Willie Mays put on a different pair of glasses and turned back to the chicken wire and the field, but he had lost interest in the guessing game. He leaned on something hard and pointed at the statues. “They’re all dead,” he said, and it was difficult to tell if he meant this as a question or a eulogy. Buck said, “All are dead but the one you’re leaning on.”

Mays backed away and realized he had been leaning on a statue of Buck O’Neil. This was Buck as manager of the Kansas City Monarchs. The figure leaned in toward the field, his right hand resting on his hip, left arm folded across his knee. There was a stern look on the statue’s face, as if someone on his team had just done something stupid. It’s easy to imagine that a shortstop just let a ball go through his legs.

“Looks like you’re mad,” Mays said.

“I’d get like that sometimes,” Buck said.

“Funny, this is exactly how I remember you, Buck.”

“Yeah?” Buck said. “And I remember you in center field running like crazy after fly balls. Your hat would fly off. Yeah! Willie Mays running down a ball in center field, nothing in the world like it. That’s what I remember.”

“That was a long time ago, Buck.”

“It was all a long time ago, Willie.”

The tour group had made it all the way around the museum, and the people walked onto the field. They touched the statues. The tour group had been put together specifically for Willie Mays, but he had seen the bright lights and waved them on ahead. He watched them through the chicken wire. He talked about how much money baseball players made today—“What is it now, twenty million a year? Thirty million?”—and what? “I don’t have to say it, do I?” Mays said, and he did not have to say it—these players could not run with Mays or hit with him or catch with him or throw with him. Some of these players were great, but the mediocrities got paid a lot of money too, more money in a week than Mays had made in a year. Then Mays said he was not bitter about the money, exactly. It was something else.

“We had fun, Willie,” Buck said.

“Yeah, we had fun, I guess.”

Buck tried to get Mays to talk about some of the games, some of the players, but Willie Mays had the blues, and he did not speak much. Mays said his eyes hurt. “Glaucoma,” he explained. He changed glasses again. “I’d like to go around the museum, Buck,” he said, an apology, “but I’ve got to get my eyes right.”

Buck nodded. Mays leaned toward the exit. Buck would say in that moment he looked at Willie Mays and remembered watching a game long ago, Buck could not remember where. He saw a ball hit hard, a line drive into the gap between left field and center. He thought:
Well, there’s a double
. He looked down at his scorecard to mark it, and then he remembered that Willie Mays was playing center field. So his eyes flipped up and he watched Willie Mays run. Mays was not a graceful runner like Joe DiMaggio or Ken Griffey Jr. or Carlos Beltrán. No, Mays ran with energy and delight, all arms and legs, a child chugging through the sprinklers on a warm summer day. When he was right, Buck said, Mays could outrun his shadow. “There were men faster than Willie Mays,” Buck said. “But I never saw one faster with a fly ball in the air.”

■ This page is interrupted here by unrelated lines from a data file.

(* Let $A$ and $B$ be layouts. Then $\Phi_A=\Phi_B$ if and only if $\mathrm{coal}(A)=\mathrm{coal}(B)$.
   Context: A nested tuple is an integer or a finite tuple of nested tuples; its flattening is the tuple of its integer leaves left to right. A layout is $L=S:D$ with $S$ (positive integers) and $D$ (nonnegative integers) nested tuples of the same nesting pattern; its flattening is the flat layout $L^\flat=S^\flat:D^\flat$. For a flat layout $(s_1,\dots,s_m):(d_1,\dots,d_m)$ the layout function is $\Phi(x)=\sum_ix_id_i$ with $x_i=\lfloor x/(s_1\cdots s_{i-1})\rfloor\bmod s_i$ on $[0,s_1\cdots s_m)$; for a layout, $\Phi_L=\Phi_{L^\flat}$. For a flat layout, $\mathrm{squeeze}$ removes modes with $s_i=1$, and $\mathrm{coal}^\flat$ is obtained from the squeeze by repeatedly replacing adjacent modes $s_i,s_{i+1}:d_i,d_{i+1}$ with $d_{i+1}=s_id_i$ by $s_is_{i+1}:d_i$. For a layout $L$ with $\mathrm{coal}^\flat(L^\flat)=(s_1,\dots,s_m):(d_1,\dots,d_m)$: $\mathrm{coal}(L)$ is this flat (depth-one) layout if $m>1$, the depth-zero layout $s_1:d_1$ if $m=1$, and $1:0$ if $m=0$. *)

From mathcomp Require Import all_boot.
Set Implicit Arguments. Unset Strict Implicit. Unset Printing Implicit Defensive.

Inductive ntup : Type :=
| Leaf of nat
| Node of list ntup.

Fixpoint flat (t : ntup) : seq nat :=
  match t with
  | Leaf n => [:: n]
  | Node l => (fix flatl (l : list ntup) : seq nat :=
                 match l with
                 | nil => [::]
                 | cons u l' => flat u ++ flatl l'
                 end) l
  end.

Fixpoint congruent (t u : ntup) : bool :=
  match t, u with
  | Leaf _, Leaf _ => true
  | Node l, Node l' =>
      (fix congl (l l' : list ntup) : bool :=
         match l, l' with
         | nil, nil => true
         | cons a l1, cons b l2 => congruent a b && congl l1 l2
         | _, _ => false
         end) l l'
  | _, _ => false
  end.

Definition layout := (ntup * ntup)%type.
Definition shape (L : layout) : ntup := L.1.
Definition stride (L : layout) : ntup := L.2.

Definition is_layout (L : layout) : bool :=
  congruent (shape L) (stride L) && all (fun s => 0 < s) (flat (shape L)).

Definition flat_layout := (seq nat * seq nat)%type.

Definition flatten_layout (L : layout) : flat_layout :=
  (flat (shape L), flat (stride L)).

Definition fsize (F : flat_layout) : nat := \prod_(s <- F.1) s.

Definition fphi (F : flat_layout) (x : nat) : nat :=
  \sum_(i < size F.1)
     ((x %/ \prod_(j < i) nth 1 F.1 j) %% nth 1 F.1 i) * nth 0 F.2 i.

Definition lsize (L : layout) : nat := fsize (flatten_layout L).
Definition Phi (L : layout) : nat -> nat := fphi (flatten_layout L).

Definition same_layout_function (A B : layout) : Prop :=
  lsize A = lsize B /\ forall x, x < lsize A -> Phi A x = Phi B x.

Definition modes (F : flat_layout) : seq (nat * nat) := zip F.1 F.2.

Definition squeeze (ms : seq (nat * nat)) : seq (nat * nat) :=
  [seq m <- ms | m.1 != 1].

(* Repeatedly replace adjacent modes (s_i,d_i),(s_{i+1},d_{i+1}) with
   d_{i+1} = s_i d_i by (s_i s_{i+1}, d_i); performed right to left
   (the result is independent of the order). *)
Fixpoint merge_modes (ms : seq (nat * nat)) : seq (nat * nat) :=
  match ms with
  | [::] => [::]
  | (s, d) :: rest =>
      match merge_modes rest with
      | (s', d') :: r' =>
          if d' == s * d then (s * s', d) :: r' else (s, d) :: (s', d') :: r'
      | [::] => [:: (s, d)]
      end
  end.

Definition coal_flat (F : flat_layout) : seq (nat * nat) :=
  merge_modes (squeeze (modes F)).

Definition coal (L : layout) : layout :=
  match coal_flat (flatten_layout L) with
  | [::] => (Leaf 1, Leaf 0)
  | [:: (s, d)] => (Leaf s, Leaf d)
  | ms => (Node [seq Leaf m.1 | m <- ms], Node [seq Leaf m.2 | m <- ms])
  end.

(* The layout function of a mode list [(s_1,d_1); ...; (s_m,d_m)] with all
   s_i > 1 determines the list once no two adjacent modes satisfy
   d_{i+1} = s_i d_i: the first stride is Phi(1), and if the first shapes
   differed, say s_1 < s'_1, then Phi(s_1) = d_2 on one side but
   s_1 d_1 on the other, contradicting the merge condition; dividing the
   argument by s_1 then peels off the first mode.  Squeezing and merging
   preserve the layout function and its domain, and produce exactly such a
   list, so coal(A) = coal(B) iff Phi_A = Phi_B. *)
From mathcomp Require Import all_boot.
From mathcomp Require Import zify.
Set Implicit Arguments. Unset Strict Implicit.

Fixpoint flatl (l : list ntup) : seq nat :=
  if l is u :: l' then flat u ++ flatl l' else [::].

Fixpoint congl (l l' : list ntup) : bool :=
  match l, l' with
  | nil, nil => true
  | cons a l1, cons b l2 => congruent a b && congl l1 l2
  | _, _ => false
  end.

Lemma flat_Node l : flat (Node l) = flatl l.
Proof. by []. Qed.

Lemma congruent_Node l l' : congruent (Node l) (Node l') = congl l l'.
Proof. by []. Qed.

Fixpoint size_flat_congruent (t u : ntup) :
  congruent t u -> size (flat t) = size (flat u).
Proof.
case: t u => [n|l] [m|l'] //; rewrite !flat_Node congruent_Node.
elim: l l' => [|a l IHl] [|b l'] //= /andP [Hab Hl].
by rewrite !size_cat (size_flat_congruent a b Hab) (IHl l' Hl).
Qed.

Fixpoint mphi (ms : seq (nat * nat)) (x : nat) : nat :=
  if ms is (s, d) :: r then x %% s * d + mphi r (x %/ s) else 0.

Definition msize (ms : seq (nat * nat)) : nat := \prod_(m <- ms) m.1.

Lemma msize_nil : msize [::] = 1.
Proof. by rewrite /msize big_nil. Qed.

Lemma msize_cons s d r : msize ((s, d) :: r) = s * msize r.
Proof. by rewrite /msize big_cons. Qed.

Lemma mphi0 ms : mphi ms 0 = 0.
Proof. by elim: ms => [|[s d] r IH] //=; rewrite mod0n div0n IH. Qed.

Lemma mphi_consM s d r y : 0 < s -> mphi ((s, d) :: r) (s * y) = mphi r y.
Proof. by move=> s_gt0 /=; rewrite mulKn // modnMr. Qed.

Lemma fphi_zip (a b : seq nat) x :
  size a = size b -> fphi (a, b) x = mphi (zip a b) x.
Proof.
elim: a b x => [|s a IH] [|d b] x //=; first by rewrite /fphi big_ord0.
case=> /IH <-; rewrite /fphi /= big_ord_recl /= big_ord0 divn1.
by congr (_ + _); apply: eq_bigr => i _; rewrite big_ord_recl divnMA.
Qed.

Lemma fsize_zip (a b : seq nat) :
  size a = size b -> fsize (a, b) = msize (zip a b).
Proof.
move=> eq_ab; rewrite /fsize /msize -(big_map fst xpredT id).
by have := unzip1_zip (s:=a) (t:=b); rewrite /unzip1 => -> //; rewrite eq_ab.
Qed.

Lemma mphi_squeeze ms x : mphi (squeeze ms) x = mphi ms x.
Proof.
elim: ms x => [|[s d] r IH] x //=.
by case: eqP => [->|_] /=; rewrite IH // modn1 divn1.
Qed.

Lemma msize_squeeze ms : msize (squeeze ms) = msize ms.
Proof.
rewrite /msize /squeeze big_filter [RHS](bigID (fun m => m.1 != 1)) /=.
by rewrite [X in _ * X]big1 ?muln1 // => m /negbNE /eqP.
Qed.

Definition all_gt1 (ms : seq (nat * nat)) : bool := all (fun m => 1 < m.1) ms.

Lemma all_gt1_squeeze (a b : seq nat) :
  all (fun s => 0 < s) a -> all_gt1 (squeeze (zip a b)).
Proof.
elim: a b => [|s a IH] [|d b] //= /andP [s_gt0 a_gt0].
by case: eqP => /= [_|s_neq1]; rewrite IH // andbT; lia.
Qed.

Lemma msize_gt0 ms : all_gt1 ms -> 0 < msize ms.
Proof.
elim: ms => [|[s d] r IH] /=; first by rewrite msize_nil.
by case/andP=> s_gt1 /IH; rewrite msize_cons muln_gt0 => ->; rewrite andbT ltnW.
Qed.

Definition mergeable (m m' : nat * nat) : bool := m'.2 == m.1 * m.2.

Definition coalesced (ms : seq (nat * nat)) : bool :=
  sorted (fun m m' => ~~ mergeable m m') ms.

Lemma modnM_split x s s' : x %% (s * s') = x %% s + s * (x %/ s %% s').
Proof.
rewrite modn_divl (mulnC s') {1}(divn_eq (x %% (s * s')) s).
by rewrite modn_dvdm ?dvdn_mulr // addnC mulnC.
Qed.

Lemma mphi_fuse s d s' r x :
  mphi ((s, d) :: (s', s * d) :: r) x = mphi ((s * s', d) :: r) x.
Proof. by rewrite /= modnM_split divnMA mulnDl addnA mulnCA mulnA. Qed.

Lemma mphi_merge ms x : mphi (merge_modes ms) x = mphi ms x.
Proof.
elim: ms x => [|[s d] r IH] x //=; rewrite -IH.
case: (merge_modes r) => [|[s' d'] r'] //.
by case: eqP => [->|_] //; rewrite -mphi_fuse.
Qed.

Lemma msize_merge ms : msize (merge_modes ms) = msize ms.
Proof.
elim: ms => [|[s d] r IH] //=; rewrite msize_cons -IH.
case: (merge_modes r) => [|[s' d'] r']; first by rewrite msize_cons.
by case: ifP => _; rewrite !msize_cons // mulnA.
Qed.

Lemma all_gt1_merge ms : all_gt1 ms -> all_gt1 (merge_modes ms).
Proof.
rewrite /all_gt1; elim: ms => [|[s d] r IH] //= /andP [s_gt1 /IH].
case: (merge_modes r) => [|[s' d'] r'] /=; first by rewrite s_gt1.
case/andP=> s'_gt1 r'_gt1; case: ifP => _ /=.
  by rewrite r'_gt1 andbT; nia.
by rewrite s_gt1 s'_gt1.
Qed.

Lemma coalesced_merge ms : coalesced (merge_modes ms).
Proof.
elim: ms => [|[s d] r IH] //=; move: IH.
case: (merge_modes r) => [|[s' d'] r'] //=.
case: eqP => [->|/eqP neq_d] /=; last by rewrite /mergeable neq_d.
case: r' => [|[s'' d''] r''] //=.
by rewrite /mergeable /= mulnA [s' * s]mulnC.
Qed.

Lemma coal_flat_spec (A : layout) : is_layout A ->
  let ms := coal_flat (flatten_layout A) in
  [/\ all_gt1 ms, coalesced ms, msize ms = lsize A
    & forall x, mphi ms x = Phi A x].
Proof.
case/andP=> /size_flat_congruent eq_size shape_gt0.
split; first by apply/all_gt1_merge/all_gt1_squeeze.
- exact: coalesced_merge.
- by rewrite msize_merge msize_squeeze /lsize fsize_zip.
- by move=> x; rewrite mphi_merge mphi_squeeze /Phi fphi_zip.
Qed.

Lemma coalesced_head_shape s1 d r1 s2 r2 :
  1 < s1 -> all_gt1 r1 -> coalesced ((s1, d) :: r1) -> s1 < s2 ->
  s1 * msize r1 = s2 * msize r2 -> 0 < msize r2 ->
  mphi ((s1, d) :: r1) s1 != mphi ((s2, d) :: r2) s1.
Proof.
move=> s1_gt1 + + lt_s12 eq_size r2_gt0.
case: r1 eq_size => [|[s' d'] r'] eq_size.
  by move: eq_size; rewrite msize_nil; nia.
case/andP=> s'_gt1 _ /andP [/eqP /= neq_d _].
rewrite /= modnn divnn (ltnW s1_gt1) !modn_small // !divn_small //= !mphi0.
by apply/eqP; lia.
Qed.

Lemma coalesced_mphi_inj ms1 ms2 :
  all_gt1 ms1 -> all_gt1 ms2 -> coalesced ms1 -> coalesced ms2 ->
  msize ms1 = msize ms2 ->
  (forall x, x < msize ms1 -> mphi ms1 x = mphi ms2 x) -> ms1 = ms2.
Proof.
elim: ms1 ms2 => [|[s1 d1] r1 IH] [|[s2 d2] r2] //.
- move=> _ /andP [/= s2_gt1 /msize_gt0 r2_gt0] _ _.
  by rewrite msize_nil msize_cons => eq_size; nia.
- move=> /andP [/= s1_gt1 /msize_gt0 r1_gt0] _ _ _.
  by rewrite msize_nil msize_cons => eq_size; nia.
move=> /= /andP [s1_gt1 A1] /andP [s2_gt1 A2] C1 C2.
rewrite !msize_cons => eq_size eq_phi.
have P1 := msize_gt0 A1; have P2 := msize_gt0 A2.
have eq_d : d1 = d2.
  move: (eq_phi 1); rewrite /= !modn_small // !divn_small // !mphi0.
  by rewrite !addn0 !mul1n; apply; nia.
subst d2.
have eq_s : s1 = s2.
  case: (ltngtP s1 s2) => // lt_s.
  - move: (coalesced_head_shape s1_gt1 A1 C1 lt_s eq_size P2) => /=.
    by rewrite eq_phi ?eqxx //; nia.
  - move: (coalesced_head_shape s2_gt1 A2 C2 lt_s (esym eq_size) P1) => /=.
    by rewrite eq_phi ?eqxx //; nia.
subst s2.
have eq_size' : msize r1 = msize r2.
  by apply/eqP; rewrite -(eqn_pmul2l (ltnW s1_gt1)) eq_size.
have C1' : coalesced r1 := path_sorted C1.
have C2' : coalesced r2 := path_sorted C2.
rewrite (IH r2) // => y lt_y.
rewrite -(mphi_consM d1 r1 y (ltnW s1_gt1)) -(mphi_consM d1 r2 y (ltnW s1_gt1)).
by apply: eq_phi; rewrite ltn_pmul2l // ltnW.
Qed.

Definition layout_of_modes (ms : seq (nat * nat)) : layout :=
  match ms with
  | [::] => (Leaf 1, Leaf 0)
  | [:: (s, d)] => (Leaf s, Leaf d)
  | ms => (Node [seq Leaf m.1 | m <- ms], Node [seq Leaf m.2 | m <- ms])
  end.

Lemma coalE L : coal L = layout_of_modes (coal_flat (flatten_layout L)).
Proof. by rewrite /coal; case: (coal_flat _) => [|[s d] [|[s2 d2] r]]. Qed.

Lemma Leaf_inj : injective Leaf.
Proof. by move=> x y []. Qed.

Lemma layout_of_modes_inj ms1 ms2 : all_gt1 ms1 -> all_gt1 ms2 ->
  layout_of_modes ms1 = layout_of_modes ms2 -> ms1 = ms2.
Proof.
case: ms1 => [|[s1 d1] [|[s1' d1'] r1]];
  case: ms2 => [|[s2 d2] [|[s2' d2'] r2]] //=.
- by move=> _ /andP [s2_gt1 _] [eq_s _]; rewrite -eq_s in s2_gt1.
- by move=> /andP [s1_gt1 _] _ [eq_s _]; rewrite eq_s in s1_gt1.
- by move=> _ _ [-> ->].
move=> _ _ [-> -> eq_shapes -> -> eq_strides].
rewrite -(zip_unzip r1) -(zip_unzip r2); congr [:: _, _ & zip _ _].
  by apply: (inj_map Leaf_inj); rewrite -!map_comp.
by apply: (inj_map Leaf_inj); rewrite -!map_comp.
Qed.

Theorem mainTheorem16 (A B : layout) :
  is_layout A -> is_layout B ->
  (same_layout_function A B <-> coal A = coal B).
Proof.
move=> /coal_flat_spec [GA CA SA PA] /coal_flat_spec [GB CB SB PB].
rewrite !coalE; split.
- move=> [eq_size eq_phi]; congr layout_of_modes.
  apply: coalesced_mphi_inj => //; first by rewrite SA SB.
  by move=> x lt_x; rewrite PA PB; apply: eq_phi; rewrite -SA.
- move=> /(layout_of_modes_inj GA GB) eq_ms; split.
  + by rewrite -SA -SB eq_ms.
  + by move=> x _; rewrite -PA -PB eq_ms.
Qed.
Lemma image_measure_mass_le B b :
  borel B -> (forall x, B x -> 0 <= x /\ b <= x ^ l) -> 0 <= b ->
  b * mu B <= nu (fun t => 0 <= t /\ B (nroot d t)).
Proof.
  intros HB Hb Hb0; apply (image_measure_is_lub (fun t => 0 <= t /\ B (nroot d t))).
  exists 1%nat, (fun _ => b), (fun _ => B); split; [|split].
  - intros j _; split; [|split]; auto; intros x Hx; destruct (Hb x Hx) as [Hx0 Hbx].
    split; [|split]; auto; split; [apply pow_le; auto|rewrite pow_nroot; auto].
  - intros; lia.
  - unfold sumN; simpl; ring.
Qed.

Lemma image_measure_simple_lower k N (c a b : nat -> R) (B : nat -> R -> Prop) :
  (forall i, (i < N)%nat -> borel (B i) /\ (forall x, B i x -> 0 <= x)) ->
  (forall i j x, (i < N)%nat -> (j < N)%nat -> i <> j -> B i x -> B j x -> False) ->
  (forall i, (i < N)%nat -> 0 <= a i /\ 0 <= b i /\ c i <= a i * b i /\
      forall x, B i x -> a i <= (x ^ d) ^ k /\ b i <= x ^ l) ->
  exists s, simple_below nu (fun t => t ^ k) s /\ sumN N (fun i => c i * mu (B i)) <= s.
Proof.
  intros H1 H2 Hab; set (A := fun i t => 0 <= t /\ B i (nroot d t)).
  exists (sumN N (fun i => a i * nu (A i))); split.
  - exists N, a, A; split; [|split; auto].
    + intros i Hi; destruct (Hab i Hi) as (Ha & _ & _ & Hx); destruct (H1 i Hi) as (HBb & _).
      split; auto; split.
      * apply borel_preimage_nonneg; auto; intros; apply borel_nroot_lt; auto.
      * intros t [Ht HBt]; split; auto; destruct (Hx _ HBt) as [Hak _]; rewrite nroot_pow in Hak; auto.
    + intros i j t Hi Hj Hij [_ Hti] [_ Htj]; eapply H2; eauto.
  - apply sumN_le; intros i Hi; destruct (Hab i Hi) as (Ha & Hb & Hc & Hx).
    destruct (H1 i Hi) as (HBb & HB0).
    assert (Hmu : 0 <= mu (B i)) by (apply (proj1 mu_measure); auto).
    assert (b i * mu (B i) <= nu (A i)).
    { apply image_measure_mass_le; auto; intros x HxB; split; [apply HB0|apply Hx]; auto. }
    apply Rle_trans with (a i * (b i * mu (B i))); [rewrite <- Rmult_assoc|];
      [apply Rmult_le_compat_r|apply Rmult_le_compat_l]; auto.
Qed.

Lemma image_measure_moments k : integral_nonneg_eq nu (fun t => t ^ k) (y (d * k + l)%nat).
Proof.
  split; [apply image_measure_moment_upper|].
  intros u Hu; apply (proj2 (mu_moments (d * k + l)%nat)).
  intros s (N & c & B & H1 & H2 & ->).
  assert (HB : forall i, (i < N)%nat -> borel (B i) /\ (forall x, B i x -> 0 <= x))
    by (intros i Hi; destruct (H1 i Hi) as (_ & ? & HB); split; auto; apply HB).
  enough (exists s, simple_below nu (fun t => t ^ k) s /\ sumN N (fun i => c i * mu (B i)) <= s)
    as (s & Hs & Hle) by (apply Rle_trans with s; auto).
  destruct (Nat.eq_dec (d * k + l) 0) as [Hz|Hnz].
  - assert (k = 0%nat) as -> by nia; assert (Hl : l = 0%nat) by nia.
    apply (image_measure_simple_lower 0 N c c (fun _ => 1) B); auto.
    intros i Hi; destruct (H1 i Hi) as (? & ? & HBi); split; [|split; [lra|split; [lra|]]]; auto.
    intros x Hx; destruct (HBi x Hx) as [_ Hc]; rewrite Hz in Hc; rewrite Hl; simpl in *; lra.
  - set (r := fun i => nroot (d * k + l) (c i)).
    apply (image_measure_simple_lower k N c (fun i => r i ^ (d * k)) (fun i => r i ^ l) B); auto.
    intros i Hi; destruct (H1 i Hi) as (Hc0 & _ & HBi).
    pose proof (nroot_nonneg (d * k + l) (c i)) as Hr0.
    split; [apply pow_le; auto|split; [apply pow_le; auto|split]].
    + rewrite <- pow_add; unfold r; rewrite nroot_pow; auto; [lra|lia].
    + intros x Hx; destruct (HBi x Hx) as [Hx0 Hcx].
      assert (r i <= x) by (apply nroot_le; auto; lia).
      rewrite <- pow_mult; split; apply pow_incr; auto.
Qed.

End ImageMeasure.

Lemma stieltjes_moment_affine_subseq y d l : (1 <= d)%nat -> stieltjes_moment_seq y ->
  stieltjes_moment_seq (fun k => y (d * k + l)%nat).
Proof.
  intros Hd (mu & Hm & _ & Hint); exists (image_measure mu d l); split; [|split].
  - apply (image_measure_borel_measure mu y); auto.
  - apply (image_measure_supported mu y); auto.
  - intros k; apply image_measure_moments; auto.
Qed.

Theorem theorem4p3 (n : nat -> nat)
  (Hinc : forall i j : nat, (i < j)%nat -> (n i < n j)%nat) :
  (forall y : nat -> R, stieltjes_moment_seq y ->
     stieltjes_moment_seq (fun k => y (n k)))
  <-> exists d l : nat, forall k : nat, n k = (d * k + l)%nat.
Proof.
  split; [apply stieltjes_subseq_affine; auto|].
  intros [d [l Hn]] y Hy.
  assert (Hd : (1 <= d)%nat) by (pose proof (Hinc 0%nat 1%nat ltac:(lia)) as H; rewrite !Hn in H; nia).
  replace (fun k => y (n k)) with (fun k => y (d * k + l)%nat)
    by (apply functional_extensionality; intros k; rewrite Hn; reflexivity).
  apply stieltjes_moment_affine_subseq; auto.
Qed.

In this memory, Buck watched Mays run after the ball, run and run, close the gap, his hat flew off, he dove, and then…the ball fell just out of the reach of his glove. It skipped away, to the fence, and it was a triple, and on that day Buck knew that winter had come for Willie Mays.

 

One day it happens

Can’t catch up with the fastball

Can’t run faster than fly balls

You might lie to yourself for a while

But you can’t lie forever

Gotta start a new life

No cheering

No crowds

No teammates patting you on the back

A little piece of you dies.

 

Mays stood by the door. He looked back on the field one more time. “You know I really don’t need to see the museum,” he told Buck. “I lived it.” Buck said, “Yes you did, Willie. You really lived.” And then Willie Mays walked out into the sleet and cold. Someone held an umbrella over his head until he stepped into the car. A few hours later, a close friend of Mays’s called and said Willie cried the entire ride back to the hotel. The friend said he rode the elevator up with Mays and walked him to his room, and when they said good-bye and the door closed, Willie Mays was still crying.